ACTIVITY
Using the material below, copy every line where "Variable" appears.

SUPPLIED MATERIAL

§ §

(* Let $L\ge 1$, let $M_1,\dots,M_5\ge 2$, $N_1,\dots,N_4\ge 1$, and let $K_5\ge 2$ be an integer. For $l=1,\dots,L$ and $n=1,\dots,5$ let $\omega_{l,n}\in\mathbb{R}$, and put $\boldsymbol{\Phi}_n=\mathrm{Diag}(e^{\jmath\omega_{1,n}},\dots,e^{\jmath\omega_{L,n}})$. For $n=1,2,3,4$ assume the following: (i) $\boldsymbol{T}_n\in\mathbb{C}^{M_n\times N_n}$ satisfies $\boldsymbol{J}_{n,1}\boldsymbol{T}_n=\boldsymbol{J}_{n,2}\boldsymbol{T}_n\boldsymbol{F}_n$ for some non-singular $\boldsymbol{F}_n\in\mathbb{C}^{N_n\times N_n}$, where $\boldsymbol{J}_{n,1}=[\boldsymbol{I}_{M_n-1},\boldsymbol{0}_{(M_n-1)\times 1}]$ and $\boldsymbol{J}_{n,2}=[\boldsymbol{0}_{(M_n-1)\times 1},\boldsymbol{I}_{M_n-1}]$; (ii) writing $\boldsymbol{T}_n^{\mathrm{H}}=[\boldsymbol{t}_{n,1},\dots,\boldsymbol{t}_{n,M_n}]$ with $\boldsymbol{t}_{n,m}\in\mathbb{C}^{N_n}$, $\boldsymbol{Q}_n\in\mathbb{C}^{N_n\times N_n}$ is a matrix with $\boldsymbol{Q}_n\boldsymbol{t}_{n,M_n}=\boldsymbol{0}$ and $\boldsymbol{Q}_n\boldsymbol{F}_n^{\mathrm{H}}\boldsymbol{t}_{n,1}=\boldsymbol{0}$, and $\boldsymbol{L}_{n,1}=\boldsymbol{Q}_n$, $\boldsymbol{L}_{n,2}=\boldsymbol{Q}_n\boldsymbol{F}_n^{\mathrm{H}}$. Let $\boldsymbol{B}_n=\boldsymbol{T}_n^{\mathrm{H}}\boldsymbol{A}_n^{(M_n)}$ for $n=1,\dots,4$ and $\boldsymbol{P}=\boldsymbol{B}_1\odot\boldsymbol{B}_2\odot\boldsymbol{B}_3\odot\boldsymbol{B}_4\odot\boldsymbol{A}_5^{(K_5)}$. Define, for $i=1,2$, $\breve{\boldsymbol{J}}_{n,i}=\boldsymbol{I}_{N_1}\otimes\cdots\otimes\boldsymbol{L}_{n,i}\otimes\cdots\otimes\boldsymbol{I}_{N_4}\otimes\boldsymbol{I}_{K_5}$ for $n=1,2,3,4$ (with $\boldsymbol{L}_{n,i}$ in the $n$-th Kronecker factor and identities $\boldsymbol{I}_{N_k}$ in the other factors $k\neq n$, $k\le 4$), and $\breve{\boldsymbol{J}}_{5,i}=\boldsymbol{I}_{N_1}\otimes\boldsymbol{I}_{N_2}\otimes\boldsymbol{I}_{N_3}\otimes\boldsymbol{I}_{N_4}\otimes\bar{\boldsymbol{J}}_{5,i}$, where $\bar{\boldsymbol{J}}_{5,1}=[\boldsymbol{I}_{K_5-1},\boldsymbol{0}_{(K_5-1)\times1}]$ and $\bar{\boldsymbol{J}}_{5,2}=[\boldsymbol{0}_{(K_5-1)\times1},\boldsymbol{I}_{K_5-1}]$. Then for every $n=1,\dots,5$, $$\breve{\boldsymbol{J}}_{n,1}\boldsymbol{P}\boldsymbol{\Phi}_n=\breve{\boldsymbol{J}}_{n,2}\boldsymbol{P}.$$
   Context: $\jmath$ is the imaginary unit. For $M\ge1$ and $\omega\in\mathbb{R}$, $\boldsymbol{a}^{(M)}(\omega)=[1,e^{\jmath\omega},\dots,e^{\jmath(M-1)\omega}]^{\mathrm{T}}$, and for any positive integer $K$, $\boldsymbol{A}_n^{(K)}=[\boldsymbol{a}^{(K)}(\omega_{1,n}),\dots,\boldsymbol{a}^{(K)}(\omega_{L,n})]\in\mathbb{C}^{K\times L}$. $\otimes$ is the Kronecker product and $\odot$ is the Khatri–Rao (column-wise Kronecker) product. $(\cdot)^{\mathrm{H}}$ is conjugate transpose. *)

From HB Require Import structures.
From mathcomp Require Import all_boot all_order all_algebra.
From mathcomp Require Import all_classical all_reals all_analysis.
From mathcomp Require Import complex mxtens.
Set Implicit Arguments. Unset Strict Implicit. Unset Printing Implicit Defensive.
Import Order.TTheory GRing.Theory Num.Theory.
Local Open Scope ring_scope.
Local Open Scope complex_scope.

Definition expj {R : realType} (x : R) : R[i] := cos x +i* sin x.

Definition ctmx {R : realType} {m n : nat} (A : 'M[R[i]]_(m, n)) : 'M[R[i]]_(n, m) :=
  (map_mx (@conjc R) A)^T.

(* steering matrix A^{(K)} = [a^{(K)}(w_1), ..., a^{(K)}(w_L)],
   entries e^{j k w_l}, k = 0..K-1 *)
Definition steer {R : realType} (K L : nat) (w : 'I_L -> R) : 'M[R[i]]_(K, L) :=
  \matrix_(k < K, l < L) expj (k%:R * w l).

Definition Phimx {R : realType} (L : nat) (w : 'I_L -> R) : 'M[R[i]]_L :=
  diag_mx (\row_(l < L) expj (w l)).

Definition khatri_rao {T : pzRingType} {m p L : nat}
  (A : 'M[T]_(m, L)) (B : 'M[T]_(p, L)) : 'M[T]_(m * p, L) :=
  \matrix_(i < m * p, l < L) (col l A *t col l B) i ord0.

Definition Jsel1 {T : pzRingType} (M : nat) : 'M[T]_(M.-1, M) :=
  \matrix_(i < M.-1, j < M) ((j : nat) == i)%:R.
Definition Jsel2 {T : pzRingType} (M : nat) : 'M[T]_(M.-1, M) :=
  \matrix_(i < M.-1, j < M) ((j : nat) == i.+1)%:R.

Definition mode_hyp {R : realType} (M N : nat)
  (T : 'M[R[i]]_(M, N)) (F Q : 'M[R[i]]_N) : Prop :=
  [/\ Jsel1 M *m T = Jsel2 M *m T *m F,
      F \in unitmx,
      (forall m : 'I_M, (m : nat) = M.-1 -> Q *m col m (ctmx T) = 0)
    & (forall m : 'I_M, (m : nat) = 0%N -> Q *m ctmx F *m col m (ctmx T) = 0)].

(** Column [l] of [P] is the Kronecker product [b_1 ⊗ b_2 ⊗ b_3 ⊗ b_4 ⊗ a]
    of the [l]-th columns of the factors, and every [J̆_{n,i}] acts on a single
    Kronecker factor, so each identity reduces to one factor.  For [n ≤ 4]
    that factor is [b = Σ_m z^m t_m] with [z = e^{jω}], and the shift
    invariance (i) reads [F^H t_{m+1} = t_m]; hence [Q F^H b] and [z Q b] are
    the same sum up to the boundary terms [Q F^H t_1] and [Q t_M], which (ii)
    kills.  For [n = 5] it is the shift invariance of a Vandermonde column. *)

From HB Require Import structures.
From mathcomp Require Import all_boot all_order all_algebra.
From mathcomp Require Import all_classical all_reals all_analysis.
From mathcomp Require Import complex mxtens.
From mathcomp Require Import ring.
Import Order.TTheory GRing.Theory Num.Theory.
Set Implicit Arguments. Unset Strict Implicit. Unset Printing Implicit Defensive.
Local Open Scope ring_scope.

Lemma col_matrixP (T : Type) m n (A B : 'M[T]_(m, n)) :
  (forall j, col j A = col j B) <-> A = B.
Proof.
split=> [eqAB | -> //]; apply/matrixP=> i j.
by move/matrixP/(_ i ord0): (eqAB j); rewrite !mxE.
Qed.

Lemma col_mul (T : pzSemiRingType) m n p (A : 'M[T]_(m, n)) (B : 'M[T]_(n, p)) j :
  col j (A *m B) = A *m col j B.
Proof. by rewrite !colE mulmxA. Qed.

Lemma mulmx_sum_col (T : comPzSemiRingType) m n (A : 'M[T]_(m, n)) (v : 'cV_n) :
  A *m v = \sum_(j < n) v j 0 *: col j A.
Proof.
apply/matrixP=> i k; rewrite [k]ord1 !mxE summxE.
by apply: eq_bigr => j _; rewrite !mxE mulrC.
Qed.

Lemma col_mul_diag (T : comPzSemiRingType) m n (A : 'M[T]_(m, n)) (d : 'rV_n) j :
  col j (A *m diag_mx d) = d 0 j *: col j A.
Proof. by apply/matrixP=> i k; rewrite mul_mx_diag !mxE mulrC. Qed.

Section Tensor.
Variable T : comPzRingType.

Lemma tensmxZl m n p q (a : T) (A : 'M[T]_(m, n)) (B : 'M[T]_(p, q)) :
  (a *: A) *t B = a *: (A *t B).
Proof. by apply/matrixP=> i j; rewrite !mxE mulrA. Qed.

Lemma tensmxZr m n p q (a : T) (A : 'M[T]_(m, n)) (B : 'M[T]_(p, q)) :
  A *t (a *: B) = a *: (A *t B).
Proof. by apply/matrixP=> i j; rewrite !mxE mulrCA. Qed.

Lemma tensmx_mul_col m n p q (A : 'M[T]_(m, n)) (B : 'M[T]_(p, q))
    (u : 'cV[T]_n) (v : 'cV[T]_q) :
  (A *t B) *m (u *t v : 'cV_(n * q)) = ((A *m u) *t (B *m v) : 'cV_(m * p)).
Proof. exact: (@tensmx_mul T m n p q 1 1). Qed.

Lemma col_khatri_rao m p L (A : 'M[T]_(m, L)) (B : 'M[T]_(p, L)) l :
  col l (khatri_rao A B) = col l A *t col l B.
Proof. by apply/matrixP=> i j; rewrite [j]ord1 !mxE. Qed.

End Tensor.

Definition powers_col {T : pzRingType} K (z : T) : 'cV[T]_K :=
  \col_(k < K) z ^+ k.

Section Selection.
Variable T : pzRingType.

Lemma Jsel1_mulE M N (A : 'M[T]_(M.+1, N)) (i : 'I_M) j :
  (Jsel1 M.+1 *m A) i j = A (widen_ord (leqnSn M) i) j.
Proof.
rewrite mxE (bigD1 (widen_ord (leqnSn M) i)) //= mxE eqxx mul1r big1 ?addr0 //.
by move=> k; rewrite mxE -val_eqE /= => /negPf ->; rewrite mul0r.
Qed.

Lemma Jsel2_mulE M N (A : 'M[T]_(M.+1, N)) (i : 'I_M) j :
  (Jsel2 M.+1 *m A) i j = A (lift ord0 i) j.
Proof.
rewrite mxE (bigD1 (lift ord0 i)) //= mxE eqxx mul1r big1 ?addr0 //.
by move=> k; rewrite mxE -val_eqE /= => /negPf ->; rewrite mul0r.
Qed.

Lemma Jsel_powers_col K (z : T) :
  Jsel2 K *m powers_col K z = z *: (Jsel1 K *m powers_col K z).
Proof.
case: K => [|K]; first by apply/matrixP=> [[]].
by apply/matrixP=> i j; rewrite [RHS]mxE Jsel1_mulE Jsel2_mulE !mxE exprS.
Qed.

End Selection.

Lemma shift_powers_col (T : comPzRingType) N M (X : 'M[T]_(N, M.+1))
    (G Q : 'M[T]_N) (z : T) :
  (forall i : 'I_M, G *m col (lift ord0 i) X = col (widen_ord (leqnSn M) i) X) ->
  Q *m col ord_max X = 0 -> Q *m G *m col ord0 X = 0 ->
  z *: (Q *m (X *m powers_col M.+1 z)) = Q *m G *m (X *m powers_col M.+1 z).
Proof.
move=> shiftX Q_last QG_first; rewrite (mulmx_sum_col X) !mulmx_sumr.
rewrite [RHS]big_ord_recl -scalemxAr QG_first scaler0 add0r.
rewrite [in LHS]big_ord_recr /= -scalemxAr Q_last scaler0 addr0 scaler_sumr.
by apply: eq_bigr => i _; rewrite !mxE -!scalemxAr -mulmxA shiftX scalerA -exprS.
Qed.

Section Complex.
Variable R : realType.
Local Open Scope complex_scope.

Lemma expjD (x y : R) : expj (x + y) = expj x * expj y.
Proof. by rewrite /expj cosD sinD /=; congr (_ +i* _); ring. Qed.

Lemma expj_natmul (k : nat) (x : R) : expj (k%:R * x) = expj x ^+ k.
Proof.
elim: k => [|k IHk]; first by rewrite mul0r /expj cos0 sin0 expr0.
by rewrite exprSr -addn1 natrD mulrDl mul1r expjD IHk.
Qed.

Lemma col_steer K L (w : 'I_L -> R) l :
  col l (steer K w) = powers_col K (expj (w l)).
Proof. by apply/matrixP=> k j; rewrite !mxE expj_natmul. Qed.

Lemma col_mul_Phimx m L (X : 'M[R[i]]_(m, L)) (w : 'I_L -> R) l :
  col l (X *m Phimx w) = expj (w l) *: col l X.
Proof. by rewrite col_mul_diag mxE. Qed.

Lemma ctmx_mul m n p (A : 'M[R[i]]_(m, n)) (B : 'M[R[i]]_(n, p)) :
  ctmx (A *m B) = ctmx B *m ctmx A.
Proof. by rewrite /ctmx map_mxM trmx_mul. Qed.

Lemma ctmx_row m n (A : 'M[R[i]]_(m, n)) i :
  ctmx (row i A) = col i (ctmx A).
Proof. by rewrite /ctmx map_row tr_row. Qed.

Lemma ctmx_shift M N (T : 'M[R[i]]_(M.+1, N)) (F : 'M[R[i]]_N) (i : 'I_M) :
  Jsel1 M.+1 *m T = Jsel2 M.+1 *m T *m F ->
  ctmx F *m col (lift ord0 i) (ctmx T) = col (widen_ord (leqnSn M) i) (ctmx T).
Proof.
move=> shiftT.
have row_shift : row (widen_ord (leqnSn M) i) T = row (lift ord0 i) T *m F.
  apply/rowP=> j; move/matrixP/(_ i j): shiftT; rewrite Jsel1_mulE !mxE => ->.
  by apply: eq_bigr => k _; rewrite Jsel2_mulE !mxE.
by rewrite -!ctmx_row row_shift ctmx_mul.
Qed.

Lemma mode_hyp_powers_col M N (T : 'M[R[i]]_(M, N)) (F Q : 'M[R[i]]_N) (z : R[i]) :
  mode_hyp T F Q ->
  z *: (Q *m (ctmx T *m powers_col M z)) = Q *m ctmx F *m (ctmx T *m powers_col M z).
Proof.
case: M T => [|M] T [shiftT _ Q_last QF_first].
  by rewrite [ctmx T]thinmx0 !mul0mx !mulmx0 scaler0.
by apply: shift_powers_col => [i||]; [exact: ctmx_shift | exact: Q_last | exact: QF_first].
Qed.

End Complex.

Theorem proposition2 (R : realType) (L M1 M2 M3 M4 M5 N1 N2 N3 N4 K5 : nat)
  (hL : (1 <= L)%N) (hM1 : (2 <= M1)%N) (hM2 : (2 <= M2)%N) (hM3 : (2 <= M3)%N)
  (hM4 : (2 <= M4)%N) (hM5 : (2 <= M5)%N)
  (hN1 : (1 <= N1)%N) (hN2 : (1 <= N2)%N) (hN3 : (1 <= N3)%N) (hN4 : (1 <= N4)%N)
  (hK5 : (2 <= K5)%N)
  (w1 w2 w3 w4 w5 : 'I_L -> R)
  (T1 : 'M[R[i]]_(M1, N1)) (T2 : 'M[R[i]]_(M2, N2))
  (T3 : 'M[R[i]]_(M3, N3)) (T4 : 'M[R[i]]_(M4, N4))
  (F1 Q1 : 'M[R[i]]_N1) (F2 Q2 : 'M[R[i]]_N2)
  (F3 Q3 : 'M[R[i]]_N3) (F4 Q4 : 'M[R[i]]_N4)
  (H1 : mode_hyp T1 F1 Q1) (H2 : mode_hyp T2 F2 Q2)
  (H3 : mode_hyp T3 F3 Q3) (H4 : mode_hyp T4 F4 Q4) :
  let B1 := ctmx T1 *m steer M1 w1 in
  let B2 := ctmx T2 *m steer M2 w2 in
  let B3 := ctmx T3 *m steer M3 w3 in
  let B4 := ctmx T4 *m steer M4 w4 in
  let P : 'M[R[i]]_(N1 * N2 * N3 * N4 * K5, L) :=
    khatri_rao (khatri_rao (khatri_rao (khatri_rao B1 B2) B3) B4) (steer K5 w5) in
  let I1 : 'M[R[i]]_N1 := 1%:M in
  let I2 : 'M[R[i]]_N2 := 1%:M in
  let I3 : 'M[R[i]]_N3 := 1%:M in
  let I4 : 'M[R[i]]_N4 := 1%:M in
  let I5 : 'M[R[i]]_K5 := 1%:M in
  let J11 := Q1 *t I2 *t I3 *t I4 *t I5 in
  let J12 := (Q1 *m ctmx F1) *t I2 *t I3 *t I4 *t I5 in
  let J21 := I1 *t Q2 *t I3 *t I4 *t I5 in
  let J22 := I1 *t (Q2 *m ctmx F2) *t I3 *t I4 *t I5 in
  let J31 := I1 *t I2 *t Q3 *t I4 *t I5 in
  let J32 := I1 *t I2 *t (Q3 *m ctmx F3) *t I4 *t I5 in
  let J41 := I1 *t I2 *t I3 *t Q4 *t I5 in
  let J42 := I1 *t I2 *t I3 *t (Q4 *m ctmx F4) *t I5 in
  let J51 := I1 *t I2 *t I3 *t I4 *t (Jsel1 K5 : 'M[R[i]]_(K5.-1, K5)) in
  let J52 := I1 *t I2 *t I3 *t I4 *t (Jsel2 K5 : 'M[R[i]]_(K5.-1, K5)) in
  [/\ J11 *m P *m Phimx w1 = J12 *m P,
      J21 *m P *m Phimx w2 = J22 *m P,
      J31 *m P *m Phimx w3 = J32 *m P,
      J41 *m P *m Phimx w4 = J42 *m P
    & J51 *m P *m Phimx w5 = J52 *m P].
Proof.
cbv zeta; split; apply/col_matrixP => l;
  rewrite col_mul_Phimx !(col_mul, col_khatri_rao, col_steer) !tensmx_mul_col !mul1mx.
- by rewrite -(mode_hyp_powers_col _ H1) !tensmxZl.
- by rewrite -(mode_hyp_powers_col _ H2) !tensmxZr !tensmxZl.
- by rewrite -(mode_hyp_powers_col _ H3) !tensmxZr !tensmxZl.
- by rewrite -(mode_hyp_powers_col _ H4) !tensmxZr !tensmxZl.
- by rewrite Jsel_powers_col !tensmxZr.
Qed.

§ §

EXERCISE ANSWER
Variable T : comPzRingType.
Variable T : pzRingType.
Variable R : realType.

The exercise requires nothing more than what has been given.